Lemma computable_pow o : computable2 o Nat.pow.
Proof.
  apply (computable_rec2 _ _ (fun _ => 1) (fun _ z x => x * z)); [computable | computable | |];
    reflexivity.
Qed.
#[export] Hint Resolve computable_pow : computable.

Lemma computable_leb o : computable2 o (fun x y => b2n (x <=? y)).
Proof.
  apply (computable_ext _ _ (fun p => b2n (fst p - snd p =? 0))).
  - intros [x y]; simpl. destruct (Nat.leb_spec x y), (Nat.eqb_spec (x - y) 0); lia.
  - apply (computable_comp1 _ _ (fun n => b2n (n =? 0))); [apply computable_eqb0 | computable].
Qed.
#[export] Hint Resolve computable_leb : computable.

Lemma computable_ltb o : computable2 o (fun x y => b2n (x <? y)).
Proof.
  apply (computable_ext _ _ (fun p => b2n (S (fst p) <=? snd p))); [| computable].
  intros [x y]; reflexivity.
Qed.
#[export] Hint Resolve computable_ltb : computable.

Lemma computable_eqb o : computable2 o (fun x y => b2n (x =? y)).
Proof.
  apply (computable_ext _ _ (fun p => b2n ((fst p <=? snd p) && (snd p <=? fst p))));
    [| computable].
  intros [x y]; simpl. destruct (Nat.eqb_spec x y), (Nat.leb_spec x y), (Nat.leb_spec y x);
    simpl; lia.
Qed.
#[export] Hint Resolve computable_eqb : computable.

Lemma computable_even o : computable1 o (fun n => b2n (Nat.even n)).
Proof.
  apply (computable_rec1 _ _ 1 (fun _ z => 1 - z)); [computable | reflexivity |].
  intros n. rewrite Nat.even_succ, <- Nat.negb_even. destruct (Nat.even n); reflexivity.
Qed.
#[export] Hint Resolve computable_even : computable.

Lemma computable_div2 o : computable1 o Nat.div2.
Proof.
  apply (computable_rec1 _ _ 0 (fun n z => z + b2n (negb (Nat.even n))));
    [computable | reflexivity |].
  intros n. pose proof (Nat.div2_odd n) as En. pose proof (Nat.div2_odd (S n)) as ESn.
  rewrite Nat.odd_succ, <- Nat.negb_odd in ESn. rewrite <- Nat.negb_odd.
  destruct (Nat.odd n); cbn [negb b2n Nat.b2n] in *; lia.
Qed.
#[export] Hint Resolve computable_div2 : computable.
Lemma picard_limit_fixed t : t \in `[0, 1] -> picard_limit t = picard_op picard_limit t.
Proof.
move=> t01; apply/eqP; rewrite -subr_eq0 -normr_eq0 eq_le normr_ge0 andbT.
apply: (@le0_cvg0 _ _ (fun k => tail k.+1 + c * tail k * t)) => [|k].
  rewrite (_ : 0 = 0 + c * 0 * t); last by rewrite mulr0 mul0r addr0.
  have tail0 := series_tail_cvg0 a_summable.
  apply: cvgD; first by rewrite cvg_shiftS.
  by apply: cvgM; [apply: cvgM; [exact: cvg_cst | exact: tail0] | exact: cvg_cst].
apply: le_trans (ler_distD (picard_iter k.+1 t) _ _) _.
apply: lerD; first exact: picard_limit_dist_le.
apply: le_trans (norm_picard_op_sub (picard_iter_continuous (k := k)) picard_limit_continuous t01) _.
rewrite -rint_cst ?in01_ge0 //; apply: le_rint => //.
- by apply/within_continuous_norm/within_continuousB; apply: K_comp_continuous;
    [exact: picard_iter_continuous | exact: picard_limit_continuous].
- by apply: continuous_subspaceT; exact: cst_continuous.
- by move=> s st; rewrite distrC; exact: K_picard_limit_dist_le (subitv01 t01 st).
Qed.

End Convergence.

Lemma picard_fixed_point_exists : exists2 x : R -> 'rV[R]_n,
  {within `[0, 1], continuous x} & forall t, t \in `[0, 1] -> x t = picard_op x t.
Proof.
have [M M_ge0 step_le] := picard_iter_step_le.
by exists picard_limit; [exact: picard_limit_continuous step_le | exact: picard_limit_fixed step_le].
Qed.

End Picard.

━━━━

_What you are asked to do:_ Reproduce the records above with every character intact.

_Task answer:_
Lemma computable_pow o : computable2 o Nat.pow.
Proof.
  apply (computable_rec2 _ _ (fun _ => 1) (fun _ z x => x * z)); [computable | computable | |];
    reflexivity.
Qed.
#[export] Hint Resolve computable_pow : computable.

Lemma computable_leb o : computable2 o (fun x y => b2n (x <=? y)).
Proof.
  apply (computable_ext _ _ (fun p => b2n (fst p - snd p =? 0))).
  - intros [x y]; simpl. destruct (Nat.leb_spec x y), (Nat.eqb_spec (x - y) 0); lia.
  - apply (computable_comp1 _ _ (fun n => b2n (n =? 0))); [apply computable_eqb0 | computable].
Qed.
#[export] Hint Resolve computable_leb : computable.

Lemma computable_ltb o : computable2 o (fun x y => b2n (x <? y)).
Proof.
  apply (computable_ext _ _ (fun p => b2n (S (fst p) <=? snd p))); [| computable].
  intros [x y]; reflexivity.
Qed.
#[export] Hint Resolve computable_ltb : computable.

Lemma computable_eqb o : computable2 o (fun x y => b2n (x =? y)).
Proof.
  apply (computable_ext _ _ (fun p => b2n ((fst p <=? snd p) && (snd p <=? fst p))));
    [| computable].
  intros [x y]; simpl. destruct (Nat.eqb_spec x y), (Nat.leb_spec x y), (Nat.leb_spec y x);
    simpl; lia.
Qed.
#[export] Hint Resolve computable_eqb : computable.

Lemma computable_even o : computable1 o (fun n => b2n (Nat.even n)).
Proof.
  apply (computable_rec1 _ _ 1 (fun _ z => 1 - z)); [computable | reflexivity |].
  intros n. rewrite Nat.even_succ, <- Nat.negb_even. destruct (Nat.even n); reflexivity.
Qed.
#[export] Hint Resolve computable_even : computable.

Lemma computable_div2 o : computable1 o Nat.div2.
Proof.
  apply (computable_rec1 _ _ 0 (fun n z => z + b2n (negb (Nat.even n))));
    [computable | reflexivity |].
  intros n. pose proof (Nat.div2_odd n) as En. pose proof (Nat.div2_odd (S n)) as ESn.
  rewrite Nat.odd_succ, <- Nat.negb_odd in ESn. rewrite <- Nat.negb_odd.
  destruct (Nat.odd n); cbn [negb b2n Nat.b2n] in *; lia.
Qed.
#[export] Hint Resolve computable_div2 : computable.
Lemma picard_limit_fixed t : t \in `[0, 1] -> picard_limit t = picard_op picard_limit t.
Proof.
move=> t01; apply/eqP; rewrite -subr_eq0 -normr_eq0 eq_le normr_ge0 andbT.
apply: (@le0_cvg0 _ _ (fun k => tail k.+1 + c * tail k * t)) => [|k].
  rewrite (_ : 0 = 0 + c * 0 * t); last by rewrite mulr0 mul0r addr0.
  have tail0 := series_tail_cvg0 a_summable.
  apply: cvgD; first by rewrite cvg_shiftS.
  by apply: cvgM; [apply: cvgM; [exact: cvg_cst | exact: tail0] | exact: cvg_cst].
apply: le_trans (ler_distD (picard_iter k.+1 t) _ _) _.
apply: lerD; first exact: picard_limit_dist_le.
apply: le_trans (norm_picard_op_sub (picard_iter_continuous (k := k)) picard_limit_continuous t01) _.
rewrite -rint_cst ?in01_ge0 //; apply: le_rint => //.
- by apply/within_continuous_norm/within_continuousB; apply: K_comp_continuous;
    [exact: picard_iter_continuous | exact: picard_limit_continuous].
- by apply: continuous_subspaceT; exact: cst_continuous.
- by move=> s st; rewrite distrC; exact: K_picard_limit_dist_le (subitv01 t01 st).
Qed.

End Convergence.

Lemma picard_fixed_point_exists : exists2 x : R -> 'rV[R]_n,
  {within `[0, 1], continuous x} & forall t, t \in `[0, 1] -> x t = picard_op x t.
Proof.
have [M M_ge0 step_le] := picard_iter_step_le.
by exists picard_limit; [exact: picard_limit_continuous step_le | exact: picard_limit_fixed step_le].
Qed.

End Picard.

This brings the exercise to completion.